Ben is saying that at times need to work very hard? Okay.

Ben is saying that if a competitor has a much better product that is selling
well and threatening own business, then likely just must do the work needed
for a competitive product. Okay.

But after that I lose it with Ben: His "lead bullets" are defeatist, close to
luddite, look like he is trying to degrade himself and his company, to fight
by getting down, dirty, simplistic, nose to the grindstone, shoulder to the
wheel, and ear to the ground and trying to be successful in that position, to
suffer first and count on that being the path to success. Not good. Indeed,
one of the things we're supposed to be doing is innovating, which likely also
means being creative, original, maybe even mathematical or scientific.

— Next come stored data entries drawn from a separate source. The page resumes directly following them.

Lemma forces_Ind_komega w r : forces w (scons komega r) (Ind 0).
Proof.
  simpl. split.
  - exists kempty. split.
    + exists 0. split; [exists w; split; simpl; auto|apply keq_refl].
    + intros z v _ Hz. exact (kmem_kempty _ _ Hz).
  - intros x t _ [n [_ Hn]]. simpl in Hn.
    exists (knat (S n)). split; [|split; [|split]].
    + exists (S n). split; [exists t; split; simpl; auto|apply keq_refl].
    + apply kmem_ksucc. left; exact Hn.
    + intros z u Hu Hz. apply kmem_ksucc. right. eapply kmem_keq_r; eauto.
    + intros z u Hu Hz. apply kmem_ksucc in Hz. destruct Hz as [Hz|Hz].
      * right. eapply keq_trans; [exact Hz|]. apply keq_sym. eapply keq_mono; eauto.
      * left. eapply kmem_keq_r; [apply keq_sym, Hn|exact Hu|exact Hz].
Qed.

Lemma kmem_knat_Ind a w r n : forces w (scons a r) (Ind 0) -> kmem (knat n) a w.
Proof.
  simpl. intros [[e [He1 He2]] Hs]. induction n as [|n IH]; simpl.
  - eapply kmem_keq_l; [|exact He1]. apply keq_kempty. exact He2.
  - destruct (Hs (knat n) w (wle_refl _) IH) as [s [Hs1 [Hs2 [Hs3 Hs4]]]].
    eapply kmem_keq_l; [|exact Hs1]. apply keq_ext. intros u Hu z.
    rewrite kmem_ksucc. split.
    + intros Hz. destruct (Hs4 z u Hu Hz) as [H|H]; [right; exact H|left; exact H].
    + intros [H|H].
      * eapply kmem_keq_l; [apply keq_sym, H|]. eapply kmem_mono; eauto.
      * exact (Hs3 z u Hu H).
Qed.

Lemma forces_Ax_inf w r : forces w r Ax_inf.
Proof.
  exists komega. split; [apply forces_Ind_komega|].
  intros a v _ Ha z t Ht [n [_ Hz]]. simpl in Hz.
  eapply kmem_keq_l; [apply keq_sym, Hz|].
  eapply kmem_knat_Ind, forces_mono; eauto.
Qed.

Theorem IKP_forced q : IKP q -> forall w r, forces w r q.
Proof.
  destruct 1; intros w r.
  - apply forces_Ax_ext.
  - apply forces_Ax_pair.
  - apply forces_Ax_union.
  - apply forces_Ax_inf.
  - apply forces_Ax_sep.
  - apply forces_Ax_coll.
  - apply forces_Ax_ind.
Qed.

Theorem Provable_IKP_forced p : Provable IKP p -> forall w r, forces w r p.
Proof.
  intros [G [HG Hp]] w r. apply (prf_sound _ _ Hp). intros q Hq. apply IKP_forced, HG, Hq.
Qed.

End KripkeSets.

Arguments kset : clear implicits.

Ltac from_context := apply P_ax; simpl; repeat (first [left; reflexivity | right]).

Lemma prf_IsOne_elim G o x t :
  prf G (IsOne o) -> prf G (Mem x o) -> prf G (Mem t x) -> prf G Bot.
Proof.
  intros Ho Hx Ht.
  pose proof (P_allE _ _ x Ho) as K. cbn in K.
  pose proof (P_allE _ _ t (P_impE _ _ _ (P_andE1 _ _ _ K) Hx)) as K'. cbn in K'.
  exact (P_impE _ _ _ K' Ht).
Qed.

Lemma prf_IsOne_intro G o x :
  prf G (IsOne o) -> prf G (All (Imp (Mem 0 (S x)) Bot)) -> prf G (Mem x o).
Proof.
  intros Ho Hx.
  pose proof (P_allE _ _ x Ho) as K. cbn in K.
  exact (P_impE _ _ _ (P_andE2 _ _ _ K) Hx).
Qed.

Lemma prf_ext G x y :
  prf G Ax_ext -> prf G (All (Iff (Mem 0 (S x)) (Mem 0 (S y)))) -> prf G (Eq x y).
Proof.
  intros He Hxy. pose proof (P_allE _ _ x He) as K. cbn in K.
  pose proof (P_allE _ _ y K) as K'. cbn in K'. exact (P_impE _ _ _ K' Hxy).
Qed.

Lemma prf_empty_elim G x t : prf G (All (Imp (Mem 0 (S x)) Bot)) -> prf G (Mem t x) -> prf G Bot.
Proof.
  intros Hx Ht. pose proof (P_allE _ _ t Hx) as K. cbn in K. exact (P_impE _ _ _ K Ht).
Qed.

Ben reminds me of Edison sending yet another team to the Amazon jungle to look
for more plants that he could bake into carbon and try for a light bulb
filament that wouldn't burn out so soon. The real solution was to borrow the
idea of a tungsten filament from the chemist Swan in England and to use a
really good vacuum pump from a guy in Germany. Edison could have had his teams
slogging through jungles for 1000 years without finding anything. But,
eventually Edison did go with tungsten and the German vacuum pump.

For Windows' first version of IIS being as much as five times faster, tough to
believe that just a 'lead bullet' approach would yield what was missing from
what Ben had. Instead, look at the architecture and think a little about what
the heck the poor computer is being asked to do. Then look at where the
computer resources are going. Likely then, tweak the architecture: So, if are
spending time walking down arrays or linked lists in O(n), then consider using
an AVL tree in O( ln(n) ). If executing the code for a page when know that the
output will be the same as the last 10 times, then cache the output and don't
run the code again. If caching the output in main memory, i.e., virtual memory
with page faults, then consider just using disk file for each page to be
cached and save on page faults. If are connecting to a database, then have a
pool of connections. Etc.

I.e., think a little. Looks like Ben doesn't like thinking, more likely has,
really, a low regard for his people and doesn't trust them to be productive if
asked to think. Ben wants to measure hard work by sweat, long hours, and
suffering and not good work with good results.

Here's a lesson I draw: I agree with Ben that a business that has been going
along well might suddenly encounter some problems, e.g., a five times faster
competitive product given away for free.

First, such problems should have been expected. If Ben had inefficient
software, then he should have known that and not had to learn it from a
Microsoft product. Or, how and why did the Microsoft people do a much better
job? Sure: They wanted something fast, at least not wildly inefficient,
thought some about the architecture, and did a decently efficient
implementation. Why? Because they cared enough. Then before Microsoft's work,
Ben hadn't cared enough.

Second, Ben should have done much better trying for, expecting, counting on,
working toward silver bullets. I sense that Ben doesn't much believe in silver
bullets, suspects that any efforts toward silver bullets will be just time and
effort wasted. Bluntly, I seriously doubt if Ben knows how to direct a
productive, creative, effective little applied research project. Ben reminds
me of the remark in the movie about the auto guy Tucker "A well run company
doesn't waste time on research". Yes, some research is close to intellectual
self-abuse, but it's the job of a good CEO and a good Board to know that this
is not always true (e.g., SR-71, 22 nm line widths) and how to make applied
research productive, not just throw out the baby and drink the bathwater.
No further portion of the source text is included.